* Work required: Once the line containing "Proof. by move=> /andP[eps0 eps1]; rewrite mulrC" is found in the entries below, restate it and each following line word for word, stopping after the line containing "Lemma M_eps_gt0 : 0".

* Data to use:
Let s_epsM : 0 < eps -> s_eps * (1 + eps) = (1 - eps) ^+ 2.
Proof. by move=> eps0; rewrite /s_eps divfK// gt_eqF// ltr_wpDl. Qed.

Let a_epsM : 0 < p -> a_eps * p = 1 - s_eps * (1 - p).
Proof. by move=> p0; rewrite /a_eps divfK// gt_eqF. Qed.

Lemma s_eps_gt0 : 0 < eps < 1 -> 0 < s_eps.
Proof. by move=> /andP[eps0 eps1]; rewrite /s_eps divr_gt0 ?exprn_gt0//; lra. Qed.

Lemma s_eps_le1 : 0 < eps < 1 -> s_eps <= 1.
Proof. by move=> /andP[eps0 eps1]; rewrite /s_eps ler_pdivrMr; nra. Qed.

Lemma s_eps_separated : 0 < eps < 1 -> (1 + eps) * s_eps < (1 - eps) * 1.
Proof. by move=> /andP[eps0 eps1]; rewrite mulrC s_epsM// mulr1; nra. Qed.

Lemma a_eps_ge0 : 0 < eps < 1 -> 0 < p <= 1 -> 0 <= a_eps.
Proof.
move=> eps01 /andP[p0 p1]; have s0 := s_eps_gt0 eps01; have s1 := s_eps_le1 eps01.
by rewrite /a_eps divr_ge0 ?ltW//; nra.
Qed.

Lemma two_valued_mass_eps : 0 < p -> s_eps * (1 - p) + a_eps * p = 1.
Proof. by move=> p0; rewrite a_epsM//; ring. Qed.

Lemma M_eps_mul : 0 < eps -> M_eps * eps = 1 + a_eps ^+ 2 * p.
Proof. by move=> eps0; rewrite /M_eps divfK ?gt_eqF. Qed.

Lemma M_eps_gt0 : 0 < eps -> 0 <= p -> 0 < M_eps.
Proof. by move=> eps0 p0; rewrite divr_gt0// ltr_pwDl// mulr_ge0 ?sqr_ge0. Qed.

Lemma one_le_M_eps : 0 < eps -> 0 <= p -> 1 <= M_eps * eps.
Proof. by move=> eps0 p0; rewrite M_eps_mul// lerDl mulr_ge0 ?sqr_ge0. Qed.

Lemma ICov_bound_eps : 0 < eps < 1 -> 0 < p <= 1 ->
  s_eps ^+ 2 * (1 - p) + a_eps ^+ 2 * p <= M_eps * eps.
Proof.
move=> eps01 /andP[p0 p1]; have /andP[eps0 _] := eps01.
have s0 := s_eps_gt0 eps01; have s1 := s_eps_le1 eps01.
by rewrite M_eps_mul//; nra.
Qed.

Lemma sample_bound_eps n : 0 < eps <= 1 / 2 -> 0 < p <= eps ^+ 2 ->
  1 <= 3 * (n%:R * p) -> ratr (1 / 60 : rat) / eps * M_eps <= n%:R.
Proof.
move=> /andP[eps0 eps_le] /andP[p0 p_le] np; rewrite fmorph_div rmorph1 rmorph_nat.
have eps01 : 0 < eps < 1 by rewrite eps0; lra.
have q_le : a_eps * p <= 4 * eps.
  have s_ge : 1 - 3 * eps <= s_eps.
    by rewrite -(@ler_pM2r _ (1 + eps)) ?(s_epsM eps0); nra.
  have s1 := s_eps_le1 eps01.
  by rewrite a_epsM//; nra.
have : p * (1 + a_eps ^+ 2 * p) <= 17 * eps ^+ 2.
  have p01 : 0 < p <= 1 by rewrite p0; nra.
  have q0 : 0 <= a_eps * p by rewrite mulr_ge0 ?(a_eps_ge0 eps01 p01) ?ltW.
  rewrite (_ : _ * _ = p + (a_eps * p) ^+ 2); last by ring.
  nra.
rewrite /M_eps; set m := 1 + _ => pm.
rewrite (_ : _ / eps * _ = m / (60 * eps ^+ 2)); last by field; rewrite gt_eqF.
rewrite ler_pdivrMr ?mulr_gt0 ?exprn_gt0//.
rewrite -(ler_pM2l p0); nra.
Qed.

End parameters.

Theorem theorem9 :
  exists c : rat, 0 < c /\
  forall (R : realType) (d : measure_display) (T : measurableType d)
         (mu : probability T R),
    non_atomic mu ->
    forall eps : R, 0 < eps -> eps <= 1 / 2 ->
    exists (V : set (probability T R * (T -> R))) (M : R),
      0 < M /\
      (forall nu r, V (nu, r) -> is_density mu nu r) /\
      (forall nu r, V (nu, r) -> (ICov nu r M <= (M * eps)%:E)%E) /\
      forall (n : nat) (Zhat : (n.-tuple T * n.-tuple R)%type -> R),
        measurable_fun [set: (n.-tuple T * n.-tuple R)%type] Zhat ->
        (forall nu r, V (nu, r) ->
         forall Z : R, 0 < Z ->
         forall P : probability (n.-tuple T) R, is_iid_law mu P ->
           (P [set x : n.-tuple T |
                 ((1 - eps) * Z <= Zhat (x, map_tuple (fun y => Z * r y) x)
                  <= (1 + eps) * Z)%R] >= (2 / 3 : R)%:E)%E) ->
        ratr c / eps * M <= n%:R.
Proof.
exists (1 / 60); split=> // R d T mu mu_na eps eps0 eps_le.
have [D mD /andP[p0 p_le]] := non_atomic_small_set mu_na (exprn_gt0 2 eps0).
set p := fine (mu D) in p0 p_le.
have eps01 : 0 < eps < 1 by rewrite eps0; lra.
have p01 : 0 < p <= 1 by rewrite p0; nra.
have mass11 : 1 * (1 - p) + 1 * p = 1 by rewrite !mul1r subrK.
have s0 := ltW (s_eps_gt0 eps01); have a0 := a_eps_ge0 eps01 p01.
have mass := two_valued_mass_eps eps p0.
have h1 := prob_density_two_valued mD ler01 ler01 mass11.
have h2 := prob_density_two_valued mD s0 a0 mass.
pose nu1 : probability T R := density_prob h1.
pose nu2 : probability T R := density_prob h2.
exists [set nr | nr = (nu1, two_valued D 1 1) \/
                 nr = (nu2, two_valued D (s_eps eps) (a_eps eps p))].
exists (M_eps eps p); split; first by apply: M_eps_gt0; rewrite ?ltW.
split; first by move=> nu r [] [-> ->]; exact: is_density_prob.
split.
  move=> nu r [] [-> ->].
    apply: le_trans (ICov_density_two_valued_le mD ler01 ler01 mass11 _) _.
    by rewrite lee_fin -/p expr1n !mul1r subrK; exact: one_le_M_eps (ltW p0).
  apply: le_trans (ICov_density_two_valued_le mD s0 a0 mass _) _.
  by rewrite lee_fin -/p; exact: ICov_bound_eps.
move=> n Zhat mZ succeeds; have [P iidP] := iid_law_exists mu n.
apply: sample_bound_eps; rewrite ?eps0 ?p0 //.
apply: (two_point_sample_bound mD iidP mZ _ _ _ (s_eps_separated eps01)
  (succeeds _ _ (or_introl erefl) _ (s_eps_gt0 eps01) P iidP)
  (succeeds _ _ (or_intror erefl) _ ltr01 P iidP)).
1,2: by apply: measurable_funM => //; exact: measurable_two_valued.
by move=> x Dx; rewrite !two_valued_out// mulr1 mul1r.
Qed.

* Response:
Proof. by move=> /andP[eps0 eps1]; rewrite mulrC s_epsM// mulr1; nra. Qed.

Lemma a_eps_ge0 : 0 < eps < 1 -> 0 < p <= 1 -> 0 <= a_eps.
Proof.
move=> eps01 /andP[p0 p1]; have s0 := s_eps_gt0 eps01; have s1 := s_eps_le1 eps01.
by rewrite /a_eps divr_ge0 ?ltW//; nra.
Qed.

Lemma two_valued_mass_eps : 0 < p -> s_eps * (1 - p) + a_eps * p = 1.
Proof. by move=> p0; rewrite a_epsM//; ring. Qed.

Lemma M_eps_mul : 0 < eps -> M_eps * eps = 1 + a_eps ^+ 2 * p.
Proof. by move=> eps0; rewrite /M_eps divfK ?gt_eqF. Qed.

Lemma M_eps_gt0 : 0 < eps -> 0 <= p -> 0 < M_eps.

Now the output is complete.